**TASK STATEMENT**
In the records below, find the line with "Lemma psi_iter_zero_alternates (k" and the line with "End Alternation."; return exactly those lines and every line between them.

Data records
(* Fix an integer $d\ge 8$. The sequence $\psi^{(k)}(\mathbf{0})$, $k=0,1,2,\dots$, does not converge pointwise, where $\mathbf{0}=(0,0,\dots)$ and $\psi^{(k)}$ is the $k$-fold iterate of $\psi$.
   Context: For a probability distribution $z=(z_i)_{i\in\mathbb{Z}}$ on $\mathbb{Z}$ set $A(z)_i=(z_{i-1}+z_i+z_{i+1})^d$ and $F(z)=A(z)/\sum_{i}A(z)_i$. Let $\mathcal{E}$ be the set of symmetric ($z_i=z_{-i}$) probability distributions on $\mathbb{Z}$ whose support is an interval of $\mathbb{Z}$ or all of $\mathbb{Z}$. Define $\mathsf R\colon\mathcal{E}\to[0,\infty)^{\{1,2,\dots\}}$ by $\mathsf R(z)_i=z_i/z_{i-1}$ if $z_{i-1}\ne0$ and $0$ otherwise; $\mathsf R$ is injective on $\mathcal{E}$, $\mathcal{R}:=\mathsf R(\mathcal{E})$, and $\psi:=\mathsf R\circ F\circ\mathsf R^{-1}\colon\mathcal{R}\to\mathcal{R}$. Explicitly $\psi(x)_1=\big(\frac{1+x_1+x_1x_2}{1+2x_1}\big)^d$ and $\psi(x)_n=x_{n-1}^d\big(\frac{1+x_n+x_nx_{n+1}}{1+x_{n-1}+x_{n-1}x_n}\big)^d$ for $n\ge2$. Note $\mathbf 0=\mathsf R(\delta_0)\in\mathcal{R}$. *)

From Stdlib Require Import Reals.
Open Scope R_scope.

(* Sequences x = (x_1, x_2, ...) in [0,oo)^{1,2,...} are represented as
   functions nat -> R; index 0 is unused (psi sets it to 0). *)
Definition psi (d : nat) (x : nat -> R) (n : nat) : R :=
  match n with
  | O => 0
  | S O => ((1 + x 1%nat + x 1%nat * x 2%nat) / (1 + 2 * x 1%nat)) ^ d
  | S (S m) =>
      let n := S (S m) in
      (x (S m)) ^ d *
      ((1 + x n + x n * x (S n)) / (1 + x (S m) + x (S m) * x n)) ^ d
  end.

Definition zero_seq : nat -> R := fun _ => 0.

Definition psi_iter (d k : nat) (x : nat -> R) : nat -> R :=
  Nat.iter k (psi d) x.

From Stdlib Require Import Reals Lra Lia.
Open Scope R_scope.

(* The orbit of 0 stays in the unit cube and alternates between the regions
   A = {x_1 <= e} and B = {x_1 >= b, x_2 <= delta}.  On A, psi_1 =
   ((1 + x_1 + x_1 x_2) / (1 + 2 x_1))^d >= ((1 + e) / (1 + 2 e))^d is large
   and psi_2 <= (3 x_1)^d is tiny; on B, psi_1 <= ((1 + b (1 + delta)) /
   (1 + 2 b))^d is small.  So the first coordinate oscillates between [0, e]
   and [b, 1] once e < b.  For d >= 11 one can take e = 1/(2d), b = 1/2 (by
   Bernoulli's inequality) and delta = 1/100; d = 8, 9, 10 are checked
   numerically. *)

Lemma Rdiv_le_Rdiv_cross (u v p q : R) :
  0 < v -> 0 < q -> u * q <= p * v -> u / v <= p / q.
Proof.
  intros Hv Hq H.
  replace (u / v) with (u * q * / (v * q)) by (field; lra).
  replace (p / q) with (p * v * / (v * q)) by (field; lra).
  apply Rmult_le_compat_r; [|exact H].
  apply Rlt_le, Rinv_0_lt_compat; nra.
Qed.

Lemma Rdiv_in_unit (u v : R) : 0 < v -> 0 <= u <= v -> 0 <= u / v <= 1.
Proof.
  intros Hv Hu. split.
  - apply Rmult_le_pos; [lra|]. apply Rlt_le, Rinv_0_lt_compat; lra.
  - replace 1 with (1 / 1) by field. apply Rdiv_le_Rdiv_cross; lra.
Qed.

Lemma pow_in_unit (a : R) (n : nat) : 0 <= a <= 1 -> 0 <= a ^ n <= 1.
Proof.
  intros Ha. split; [apply pow_le; lra|].
  rewrite <- (pow1 n). apply pow_incr. lra.
Qed.

Lemma pow_le_pow_of_le_1 (a : R) (m n : nat) :
  0 <= a <= 1 -> (m <= n)%nat -> a ^ n <= a ^ m.
Proof.
  intros Ha Hmn. replace n with (m + (n - m))%nat by lia. rewrite pow_add.
  assert (0 <= a ^ m) by (apply pow_le; lra).
  assert (Hle := pow_in_unit a (n - m) Ha). nra.
Qed.

Lemma Bernoulli_ineq (x : R) (n : nat) : -1 <= x -> 1 + INR n * x <= (1 + x) ^ n.
Proof.
  intros Hx. induction n as [|n IH]; [simpl; lra|].
  rewrite S_INR, <- tech_pow_Rmult.
  assert (0 <= INR n) by apply pos_INR.
  assert (0 <= INR n * (x * x)) by (apply Rmult_le_pos; nra).
  nra.
Qed.

Lemma first_ratio_in_unit (s t : R) :
  0 <= s -> 0 <= t <= 1 -> 0 <= (1 + s + s * t) / (1 + 2 * s) <= 1.
Proof. intros Hs Ht. apply Rdiv_in_unit; nra. Qed.

Lemma first_ratio_lower (e s t : R) :
  0 <= s <= e -> 0 <= t -> (1 + e) / (1 + 2 * e) <= (1 + s + s * t) / (1 + 2 * s).
Proof.
  intros Hs Ht. apply Rdiv_le_Rdiv_cross; [lra|lra|].
  assert (0 <= s * t * (1 + 2 * e)) by (apply Rmult_le_pos; nra). nra.
Qed.

Lemma first_ratio_upper (b delta s t : R) :
  0 <= b <= s -> 0 <= t <= delta -> delta <= 1 ->
  (1 + s + s * t) / (1 + 2 * s) <= (1 + b * (1 + delta)) / (1 + 2 * b).
Proof.
  intros Hs Ht Hdelta. apply Rdiv_le_Rdiv_cross; [lra|lra|].
  assert (s * t * (1 + 2 * b) <= s * delta * (1 + 2 * b))
    by (apply Rmult_le_compat_r; nra).
  assert (0 <= (s - b) * (1 - delta)) by (apply Rmult_le_pos; lra).
  nra.
Qed.

Lemma shifted_ratio_in_unit (a s t : R) :
  0 <= a <= 1 -> 0 <= s <= 1 -> 0 <= t <= 1 ->
  0 <= a * ((1 + s + s * t) / (1 + a + a * s)) <= 3 * a.
Proof.
  intros Ha Hs Ht.
  assert (0 <= a * s) by nra.
  assert (s * t <= 1) by nra.
  rewrite Rmult_div_assoc.
  replace (3 * a) with (3 * a / 1) by field.
  split.
  - apply Rmult_le_pos; [nra|]. apply Rlt_le, Rinv_0_lt_compat; lra.
  - apply Rdiv_le_Rdiv_cross; nra.
Qed.

Lemma shifted_ratio_le_1 (a s t : R) :
  0 <= a <= 1 -> 0 <= s <= 1 -> 0 <= t <= 1 ->
  a * ((1 + s + s * t) / (1 + a + a * s)) <= 1.
Proof.
  intros Ha Hs Ht.
  assert (0 <= a * s) by nra.
  assert (a * (s * t) <= 1) by (assert (s * t <= 1) by nra; nra).
  rewrite Rmult_div_assoc. apply Rdiv_in_unit; nra.
Qed.

Lemma psi_one (d : nat) (x : nat -> R) :
  psi d x 1 = ((1 + x 1%nat + x 1%nat * x 2%nat) / (1 + 2 * x 1%nat)) ^ d.
Proof. reflexivity. Qed.

Lemma psi_SS (d : nat) (x : nat -> R) (m : nat) :
  psi d x (S (S m)) =
  (x (S m) * ((1 + x (S (S m)) + x (S (S m)) * x (S (S (S m))))
              / (1 + x (S m) + x (S m) * x (S (S m))))) ^ d.
Proof. simpl. rewrite Rpow_mult_distr. reflexivity. Qed.

Definition unit_cube (x : nat -> R) : Prop := forall n, 0 <= x n <= 1.

Lemma psi_unit_cube (d : nat) (x : nat -> R) : unit_cube x -> unit_cube (psi d x).
Proof.
  intros Hx [|[|m]].
  - simpl. lra.
  - rewrite psi_one. apply pow_in_unit, first_ratio_in_unit; apply Hx.
  - rewrite psi_SS. apply pow_in_unit. split.
    + apply (shifted_ratio_in_unit _ _ (x (S (S (S m))))); apply Hx.
    + apply shifted_ratio_le_1; apply Hx.
Qed.

Lemma not_Un_cv_alternating (u : nat -> R) (e b : R) :
  e < b -> (forall k, u (2 * k)%nat <= e) -> (forall k, b <= u (S (2 * k))) ->
  ~ exists l, Un_cv u l.
Proof.
  intros Heb Heven Hodd [l Hl].
  destruct (Hl ((b - e) / 2)) as [N HN]; [lra|].
  assert (Hl_even := HN (2 * N)%nat ltac:(lia)).
  assert (Hl_odd := HN (S (2 * N)) ltac:(lia)).
  unfold R_dist in *. apply Rabs_def2 in Hl_even, Hl_odd.
  specialize (Heven N). specialize (Hodd N). lra.
Qed.

Section Alternation.
Variables (d : nat) (e b delta : R).
Hypothesis e_nonneg : 0 <= e.
Hypothesis b_nonneg : 0 <= b.
Hypothesis delta_le_1 : delta <= 1.
Hypothesis low_first_bound : b <= ((1 + e) / (1 + 2 * e)) ^ d.
Hypothesis low_second_bound : (3 * e) ^ d <= delta.
Hypothesis high_first_bound : ((1 + b * (1 + delta)) / (1 + 2 * b)) ^ d <= e.

Definition low_state (x : nat -> R) : Prop := unit_cube x /\ x 1%nat <= e.
Definition high_state (x : nat -> R) : Prop :=
  unit_cube x /\ b <= x 1%nat /\ x 2%nat <= delta.

Lemma psi_low_state (x : nat -> R) : low_state x -> high_state (psi d x).
Proof.
  intros [Hx Hx1]. split; [apply psi_unit_cube, Hx|]. split.
  - eapply Rle_trans; [exact low_first_bound|]. rewrite psi_one. apply pow_incr.
    split.
    + apply Rlt_le, Rdiv_lt_0_compat; lra.
    + apply first_ratio_lower; [split; [apply Hx|exact Hx1]|apply Hx].
  - eapply Rle_trans; [|exact low_second_bound]. rewrite (psi_SS d x 0).
    apply pow_incr.
    assert (Hr := shifted_ratio_in_unit (x 1%nat) (x 2%nat) (x 3%nat)
                    (Hx 1%nat) (Hx 2%nat) (Hx 3%nat)).
    lra.
Qed.

Lemma psi_high_state (x : nat -> R) : high_state x -> low_state (psi d x).
Proof.
  intros [Hx [Hx1 Hx2]]. split; [apply psi_unit_cube, Hx|].
  eapply Rle_trans; [|exact high_first_bound]. rewrite psi_one. apply pow_incr.
  split.
  - apply first_ratio_in_unit; apply Hx.
  - apply first_ratio_upper; [lra|split; [apply Hx|exact Hx2]|exact delta_le_1].
Qed.

Lemma psi_iter_zero_alternates (k : nat) :
  low_state (psi_iter d (2 * k) zero_seq) /\
  high_state (psi_iter d (S (2 * k)) zero_seq).
Proof.
  assert (Hlow : forall j, low_state (psi_iter d j zero_seq) ->
                 high_state (psi_iter d (S j) zero_seq))
    by (intros j; apply psi_low_state).
  induction k as [|k [_ IH]].
  - assert (H0 : low_state zero_seq) by (unfold zero_seq; split; [intro; lra|lra]).
    split; [exact H0|exact (Hlow 0%nat H0)].
  - replace (2 * S k)%nat with (S (S (2 * k))) by lia.
    assert (H : low_state (psi_iter d (S (S (2 * k))) zero_seq))
      by (apply psi_high_state, IH).
    split; [exact H|exact (Hlow _ H)].
Qed.

Lemma psi_iter_zero_first_not_cv :
  e < b -> ~ exists l, Un_cv (fun k => psi_iter d k zero_seq 1%nat) l.
Proof.
  intros Heb. apply (not_Un_cv_alternating _ e b Heb); intros k;
    apply (psi_iter_zero_alternates k).
Qed.

End Alternation.

Lemma large_d_decay (d : nat) : (11 <= d)%nat -> 2 * INR d * (301 / 400) ^ d <= 1.
Proof.
  intros Hd. induction Hd as [|m Hm IH].
  - simpl. lra.
  - rewrite S_INR, <- tech_pow_Rmult.
    assert (11 <= INR m) by (apply (le_INR 11) in Hm; simpl in Hm; lra).
    assert (0 <= (301 / 400) ^ m) by (apply pow_le; lra).
    nra.
Qed.

Definition alternation_parameters (d : nat) (e b delta : R) : Prop :=
  0 <= e /\ e < b /\ delta <= 1 /\
  b <= ((1 + e) / (1 + 2 * e)) ^ d /\
  (3 * e) ^ d <= delta /\
  ((1 + b * (1 + delta)) / (1 + 2 * b)) ^ d <= e.

Lemma alternation_parameters_large_d (d : nat) :
  (11 <= d)%nat -> alternation_parameters d (1 / (2 * INR d)) (1 / 2) (1 / 100).
Proof.
  intros Hd.
  assert (HD : 11 <= INR d) by (apply (le_INR 11) in Hd; simpl in Hd; lra).
  set (e := 1 / (2 * INR d)).
  assert (He : 0 < e <= 1 / 22)
    by (unfold e; split; [apply Rdiv_lt_0_compat|apply Rdiv_le_Rdiv_cross]; lra).
  assert (Hde : INR d * e = 1 / 2) by (unfold e; field; lra).
  repeat split; try lra.
  - assert (Hratio : 1 - e <= (1 + e) / (1 + 2 * e)).
    { replace (1 - e) with ((1 - e) / 1) by field.
      apply Rdiv_le_Rdiv_cross; nra. }
    apply Rle_trans with ((1 - e) ^ d); [|apply pow_incr; lra].
    replace (1 - e) with (1 + - e) by ring.
    assert (Hb := Bernoulli_ineq (- e) d ltac:(lra)). nra.
  - eapply Rle_trans; [apply (pow_le_pow_of_le_1 _ 3); [lra|lia]|].
    assert (Hcube : (3 * e) ^ 3 <= (3 / 22) ^ 3) by (apply pow_incr; lra).
    simpl in Hcube |- *. lra.
  - replace ((1 + 1 / 2 * (1 + 1 / 100)) / (1 + 2 * (1 / 2))) with (301 / 400)
      by field.
    assert (Hdecay := large_d_decay d Hd).
    unfold e. apply (Rmult_le_reg_l (2 * INR d)); [lra|].
    replace (2 * INR d * (1 / (2 * INR d))) with 1 by (field; lra). lra.
Qed.

Lemma alternation_parameters_exist (d : nat) :
  (8 <= d)%nat -> exists e b delta, alternation_parameters d e b delta.
Proof.
  intros Hd.
  destruct (Nat.le_gt_cases 11 d) as [Hlarge|Hsmall].
  - exists (1 / (2 * INR d)), (1 / 2), (1 / 100).
    exact (alternation_parameters_large_d d Hlarge).
  - assert (Hcases : (d = 8 \/ d = 9 \/ d = 10)%nat) by lia.
    destruct Hcases as [E | [E | E]]; subst d.
    + exists (1 / 8), (43 / 100), (1 / 1000).
      unfold alternation_parameters; simpl; lra.
    + exists (1 / 9), (2 / 5), (1 / 1000).
      unfold alternation_parameters; simpl; lra.
    + exists (1 / 10), (2 / 5), (1 / 1000).
      unfold alternation_parameters; simpl; lra.
Qed.

Theorem theorem2p5 (d : nat) (hd : (8 <= d)%nat) :
  ~ (forall n : nat, (1 <= n)%nat ->
       exists l : R, Un_cv (fun k : nat => psi_iter d k zero_seq n) l).
Proof.
  intros Hconv.
  destruct (alternation_parameters_exist d hd)
    as (e & b & delta & He & Heb & Hdelta & Hlow1 & Hlow2 & Hhigh).
  apply (psi_iter_zero_first_not_cv d e b delta He ltac:(lra) Hdelta
           Hlow1 Hlow2 Hhigh Heb).
  exact (Hconv 1%nat (le_n 1)).
Qed.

**SOLUTION BELOW**
Lemma psi_iter_zero_alternates (k : nat) :
  low_state (psi_iter d (2 * k) zero_seq) /\
  high_state (psi_iter d (S (2 * k)) zero_seq).
Proof.
  assert (Hlow : forall j, low_state (psi_iter d j zero_seq) ->
                 high_state (psi_iter d (S j) zero_seq))
    by (intros j; apply psi_low_state).
  induction k as [|k [_ IH]].
  - assert (H0 : low_state zero_seq) by (unfold zero_seq; split; [intro; lra|lra]).
    split; [exact H0|exact (Hlow 0%nat H0)].
  - replace (2 * S k)%nat with (S (S (2 * k))) by lia.
    assert (H : low_state (psi_iter d (S (S (2 * k))) zero_seq))
      by (apply psi_high_state, IH).
    split; [exact H|exact (Hlow _ H)].
Qed.

Lemma psi_iter_zero_first_not_cv :
  e < b -> ~ exists l, Un_cv (fun k => psi_iter d k zero_seq 1%nat) l.
Proof.
  intros Heb. apply (not_Un_cv_alternating _ e b Heb); intros k;
    apply (psi_iter_zero_alternates k).
Qed.

End Alternation.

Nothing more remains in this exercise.